Development of a phenotypic screening assay to measure activation of cancer-associated fibroblasts

Background: In cancer metastasis, tumor cells condition distant tissues to create a supportive environment, or metastatic niche, by driving the activation of cancer-associated fibroblasts (CAFs). These CAFs remodel the extracellular matrix, creating a microenvironment that supports tumor growth and compromises immune cell function, enabling cancer cells to evade immune detection. Consequently, targeting the activation of CAFs has been proposed as a therapeutic strategy to hinder metastatic spread. Our objective was to develop the first in vitro phenotypic screening assay capable of assessing this activation process.

Methods: Human primary lung fibroblasts were co-cultured with highly invasive breast cancer cells (MDA-MB-231) to identify changes in the expression of selected genes using RT-qPCR. An In-Cell ELISA (ICE)-based assay using human lung fibroblasts, MDA-MB-231 cells and human monocytes (THP-1 cells) was developed to measure the activation of CAFs. Another ELISA assay was used to measure released osteopontin.

Results: When lung fibroblast were co-cultured with MDA-MB-231 cells, among the 10 selected genes, the genes for osteopontin (SPP1), insulin like growth factor 1 (IGF1), periostin (POSTN) and α-smooth muscle actin (α-SMA, ACTA2) elicited the greatest fold change (55-, 37-, 8- and 5-fold respectively). Since osteopontin, IGF-1 and periostin are secreted proteins and α-SMA is an intracellular cytoskeleton protein, α-SMA was chosen to be the readout biomarker for the ICE assay. When fibroblasts were co-cultured with MDA-MB-231 cells and monocytes in the 96 well ICE assay, α-SMA expression was increased 2.3-fold yielding a robust Z′ of 0.56. A secondary, low throughput assay was developed by measuring the release of osteopontin which showed a 6-fold increase when fibroblasts were co-cultured with MDA-MB-231 cells and monocytes.

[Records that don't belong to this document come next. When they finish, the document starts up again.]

(* Summation by parts: the Taylor increments [slope (k-1) * X_k] add up to
   [sum_j slope_incr j * (S_N - S_j)], because [slope 0 = 0]. *)
Lemma potential_path_le N k x : (k <= N)%N ->
  potential (pmax X k x) (psum X k x) + slope k x * (psum X N x - psum X k x) <=
  4 * (\sum_(1 <= i < k.+1) X i%:Z x ^+ 2) +
  \sum_(1 <= j < k.+1) slope_incr j x * (psum X N x - psum X j x).
Proof.
elim: k => [_|k IH kN].
  rewrite slope0 pmax0 psum0 !big_geq // mul0r addr0 mulr0.
  by rewrite /potential /clip mul0r oppr0 minxx maxxx; lra.
have {}IH := IH (ltnW kN).
have [step _] := potential_step (X k.+1%:Z x) (norm_psum_le_pmax k x).
rewrite -psumS -pmaxS in step.
rewrite !(big_nat_recr k.+1) //= /slope_incr /=.
move: IH step; rewrite psumS /slope; nra.
Qed.

Lemma pathwise_bound N x :
  pmax X N x ^+ 2 <= 4 * (\sum_(1 <= i < N.+1) X i%:Z x ^+ 2) +
  \sum_(1 <= j < N) slope_incr j x * (psum X N x - psum X j x).
Proof.
have := potential_ge (norm_psum_le_pmax N x).
have := potential_path_le x (leqnn N); rewrite subrr mulr0 addr0.
case: N => [|N]; first by rewrite !big_geq //; lra.
by rewrite [Y in _ <= _ + Y]big_nat_recr //= subrr mulr0 addr0; lra.
Qed.

End Pathwise.

Section Measurability.
Variables (d : measure_display) (T : measurableType d) (R : realType).
Variables (X : int -> T -> R) (j : nat).
Hypothesis mX : forall i : nat, (1 <= i <= j)%N -> measurable_fun setT (X i%:Z).

Lemma measurable_clip (m s : T -> R) : measurable_fun setT m ->
  measurable_fun setT s -> measurable_fun setT (fun x => clip (m x) (s x)).
Proof.
move=> mm ms; have mm4 : measurable_fun setT (fun x => m x / 4).
  by apply: measurable_funM => //; exact: measurable_cst.
apply: (@measurable_maxr _ _ _ _ (fun x => - (m x / 4))
                                 (s \min (fun x => m x / 4))).
  exact: measurable_funN.
exact: measurable_minr.
Qed.

Lemma measurable_psum k : (k <= j)%N -> measurable_fun setT (psum X k).
Proof.
elim: k => [_|k IH kj].
  rewrite (_ : psum X 0 = cst 0); first exact: measurable_cst.
  by apply/funext => x; rewrite psum0.
rewrite (_ : psum X k.+1 = psum X k \+ X k.+1%:Z); last first.
  by apply/funext => x; rewrite psumS.
by apply: measurable_funD; [exact/IH/ltnW | apply: mX; rewrite kj].
Qed.

Lemma measurable_pmax k : (k <= j)%N -> measurable_fun setT (pmax X k).
Proof.
elim: k => [_|k IH kj].
  rewrite (_ : pmax X 0 = cst 0); first exact: measurable_cst.
  by apply/funext => x; rewrite pmax0.
rewrite (_ : pmax X k.+1 = pmax X k \max (Num.norm \o psum X k.+1)); last first.
  by apply/funext => x; rewrite pmaxS.
apply: measurable_maxr; first exact/IH/ltnW.
by apply: measurableT_comp => //; exact: measurable_psum.
Qed.

Lemma measurable_slope k : (k <= j)%N -> measurable_fun setT (slope X k).
Proof.
move=> kj; apply: measurable_funB.
  by apply: measurable_funM; [exact: measurable_cst | exact: measurable_psum].
apply: measurable_funM; first exact: measurable_cst.
by apply: measurable_clip; [exact: measurable_pmax | exact: measurable_psum].
Qed.

Lemma measurable_slope_incr : measurable_fun setT (slope_incr X j).
Proof.
apply: measurable_funB; first exact: measurable_slope.
by apply: measurable_slope; exact: leq_pred.
Qed.

End Measurability.

Section SubSigmaAlgebra.
Variables (d : measure_display) (T : measurableType d) (R : realType).
Variable G : set (set T).

Lemma G_measurableP (f : T -> R) : sigma_algebra setT G ->
  G_measurable G f <-> measurable_fun (setT : set (g_sigma_algebraType G)) f.
Proof.
move=> sG; split => [Gf _ B mB | mf B mB].
  by rewrite setTI /measurable /= (sigma_algebra_id sG); exact: Gf.
by have := mf measurableT B mB; rewrite setTI /measurable /= (sigma_algebra_id sG).
Qed.

Lemma G_measurable_measurable (f : T -> R) : G `<=` measurable ->
  G_measurable G f -> measurable_fun setT f.
Proof. by move=> GM Gf _ B mB; rewrite setTI; apply: GM; exact: Gf. Qed.

End SubSigmaAlgebra.

Lemma slope_incr_adapted (d : measure_display) (T : measurableType d)
    (R : realType) (X : int -> T -> R) (F : int -> set (set T)) (j : nat) :
  filtration F -> (forall i, G_measurable (F i) (X i)) ->
  G_measurable (F j%:Z) (slope_incr X j).
Proof.
move=> [sF monoF] adX; have sFj := (sF j%:Z).1.
apply/(G_measurableP _ sFj).
apply: (@measurable_slope_incr _ (g_sigma_algebraType (F j%:Z))) => i /andP[_ ij].
apply/(G_measurableP _ sFj) => B mB.
by apply: (monoF i%:Z); [rewrite lez_nat | exact: adX].
Qed.

Section Grid.
Context {R : realType}.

Discussion: This phenotypic assay is the first to measure the activation of CAFs in a 96-well format, making it suitable for medium-to high-throughput screening of potential therapeutic compounds. By focusing on observable cellular phenotypic changes rather than targeting specific molecular pathways, this assay allows for a broader and unbiased identification of compounds capable of modulating CAF activation.